There's an example of this in railway electrification: if you scroll down to the graph in https://publications.parliament.uk/pa/cm5801/cmselect/cmtran... it shows that the UK tends to do electrification as occasional big projects, whereas Germany has consistently done about the same mileage every year for decades, presumably with the same institutions maintaining their expertise and just moving on to the next bit of track. Their costs are a quarter of the UK's...

Yeah, but whatever Germany is doing is obviously wrong because 62.5% of their stops have trains arriving within 6 minutes of target time https://www.dw.com/en/over-a-third-of-deutsche-bahn-long-dis... while the UK has 85.9% of their stops having trains arriving within 3 minutes of target time https://dataportal.orr.gov.uk/statistics/performance/passeng...

So whatever the Germans are doing with their rail, thank god the UK isn't.

  • I don't think you can conclude from overall performance of a complex system that a particular aspect of it (the way of electrifying tracks) is done wrong.

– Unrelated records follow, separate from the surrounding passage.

(* Let $g_2,g_3\in\mathbb{R}$ with $\Delta=g_2^3-27g_3^2>0$, and let $w$ (real, $w>0$) and $w'$ (purely imaginary, $\mathrm{Im}\,w'>0$) be the fundamental half-periods of the associated Weierstrass functions. Define \[ \widetilde{\Psi}_x(k)=\frac{\sigma(x+k+w')}{\sigma(x+w')\sigma(k)}e^{-\zeta(k)x-\zeta(w')k},\qquad \widetilde{\Psi}_x(k,l)=\frac{\sigma(x+k+l+w')}{\sigma(x+w')\sigma(k+l)}e^{-(\zeta(k)+\zeta(l))x-\zeta(w')(k+l)}. \] Then $\widetilde{\Psi}_x(k)$ and $\widetilde{\Psi}_x(k,l)$ are real-valued (wherever defined) when $x,k,l\in\mathbb{R}$.
   Context: $\sigma,\zeta,\wp$ are the Weierstrass sigma, zeta and elliptic functions with invariants $g_2,g_3$, i.e. $(\wp')^2=4\wp^3-g_2\wp-g_3$, $\zeta=\sigma'/\sigma$, $\wp=-\zeta'$, with period lattice generated by $2w,2w'$. *)

From Stdlib Require Import Reals ZArith List.
From Coquelicot Require Import Coquelicot.
Import ListNotations.
Open Scope R_scope.

Definition cexp (z : C) : C :=
  (exp (Re z) * cos (Im z), exp (Re z) * sin (Im z)).

Definition Clim (u : nat -> C) : C :=
  (real (Lim_seq (fun N => Re (u N))), real (Lim_seq (fun N => Im (u N)))).

Definition lat (w w' : C) (m n : Z) : C :=
  Cplus (Cmult (RtoC (2 * IZR m)) w) (Cmult (RtoC (2 * IZR n)) w').

Definition sq_idx (N : nat) : list (Z * Z) :=
  flat_map (fun i => map (fun j => (Z.of_nat i - Z.of_nat N, Z.of_nat j - Z.of_nat N)%Z)
                         (seq 0 (2 * N + 1)))
           (seq 0 (2 * N + 1)).

Definition nonzero_idx (p : Z * Z) : bool :=
  negb (Z.eqb (fst p) 0 && Z.eqb (snd p) 0).

Definition lat_sum (w w' : C) (N : nat) (f : C -> C) : C :=
  fold_right Cplus (RtoC 0)
    (map (fun p => f (lat w w' (fst p) (snd p))) (filter nonzero_idx (sq_idx N))).
Definition lat_prod (w w' : C) (N : nat) (f : C -> C) : C :=
  fold_right Cmult (RtoC 1)
    (map (fun p => f (lat w w' (fst p) (snd p))) (filter nonzero_idx (sq_idx N))).

Definition wsigma (w w' : C) (z : C) : C :=
  Cmult z (Clim (fun N => lat_prod w w' N (fun O =>
     Cmult (Cminus (RtoC 1) (Cdiv z O))
           (cexp (Cplus (Cdiv z O) (Cdiv (Cmult z z) (Cmult (RtoC 2) (Cmult O O)))))))).

(* Weierstrass zeta function (its series; zeta = sigma'/sigma) *)
Definition wzeta (w w' : C) (z : C) : C :=
  Cplus (Cinv z) (Clim (fun N => lat_sum w w' N (fun O =>
     Cplus (Cplus (Cinv (Cminus z O)) (Cinv O)) (Cdiv z (Cmult O O))))).

Definition wg2 (w w' : C) : C :=
  Cmult (RtoC 60) (Clim (fun N => lat_sum w w' N (fun O => Cinv (Cmult (Cmult O O) (Cmult O O))))).
Definition wg3 (w w' : C) : C :=
  Cmult (RtoC 140) (Clim (fun N => lat_sum w w' N (fun O =>
     Cinv (Cmult (Cmult O O) (Cmult (Cmult O O) (Cmult O O)))))).

Definition Psi1 (w w' : C) (x k : C) : C :=
  Cmult (Cdiv (wsigma w w' (Cplus (Cplus x k) w'))
              (Cmult (wsigma w w' (Cplus x w')) (wsigma w w' k)))
        (cexp (Copp (Cplus (Cmult (wzeta w w' k) x) (Cmult (wzeta w w' w') k)))).
(* Let Z_j = sum_i |h_ij|^2 be the channel energy of device j: a sum of 2M
   squares of independent N(0, 1/2) coordinates, and the SNR of device j is
   rho Z_j with rho = Pt / (W sigma0).  A schedule of K devices can only be in
   outage if some scheduled device has rate below K B' / T.  For the top-K
   scheduler this forces the N - K + 1 weakest devices to have Z_j = O(1/rho);
   confining their 2M (N - K + 1) coordinates to intervals of length
   O(rho^-1/2) has probability O(rho^-(M (N - K + 1))), and a union bound over
   the choice of these devices bounds P_out.  Conversely, for any scheduler, if
   N - K + 1 fixed devices have Z_j < c / rho then one of them is scheduled and
   its packet alone overflows the cycle; confining their coordinates to
   (0, O(rho^-1/2)] has probability of order rho^-(M (N - K + 1)).  Taking
   logarithms gives the diversity order M (N - K + 1). *)

From HB Require Import structures.
From mathcomp Require Import all_boot all_order all_algebra.
From mathcomp Require Import all_classical all_reals all_analysis.
From mathcomp Require Import normal_distribution measurable_realfun.
From mathcomp Require Import ring lra.
Set Implicit Arguments. Unset Strict Implicit. Unset Printing Implicit Defensive.
Import Order.TTheory GRing.Theory Num.Theory.
Import numFieldNormedType.Exports.
Local Open Scope classical_set_scope.
Local Open Scope ring_scope.

Section log_ratio.
Variable R : realType.

Lemma ln_cvgy : @ln R x @[x --> +oo] --> +oo.
Proof.
apply/cvgryPgt => A; apply: filterS (nbhs_pinfty_gt (r := expR A) _) => // x Ax.
by rewrite -ltr_expR lnK// posrE (lt_trans _ Ax) ?expR_gt0.
Qed.

Lemma div_ln_cvg0 (c : R) : c / ln x @[x --> +oo] --> 0.
Proof.
rewrite -(mulr0 c); apply: cvgM; first exact: cvg_cst.
apply/gtr0_cvgV0; last exact: ln_cvgy.
by apply: filterS (nbhs_pinfty_gt (r := 1) _) => // x; exact: ln_gt0.
Qed.

Lemma gt0_of_ge_mulXn (D : nat) (a x y : R) : 0 < a -> 0 < x ->
  a <= y * x ^+ D -> 0 < y.
Proof. by move=> a0 x0 ay; rewrite -(pmulr_lgt0 _ (exprn_gt0 D x0)) (lt_le_trans a0). Qed.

    From what I understand, the problems in the German railway network stem predominantly from growing demand meeting the results of chronic underinvestment in infrastructure. That does not automatically mean that all of the work should be done in big chunks instead of continuously. They still could be doing some things right, and I think it is worth pointing that out. I find it more interesting and productive than blanket dismissal.

  • Iirc that is mostly an issue of the scheduling and not the construction itself. The operator is also known to have reliability problems with many train types (not necessarily the stops or tracks themselves).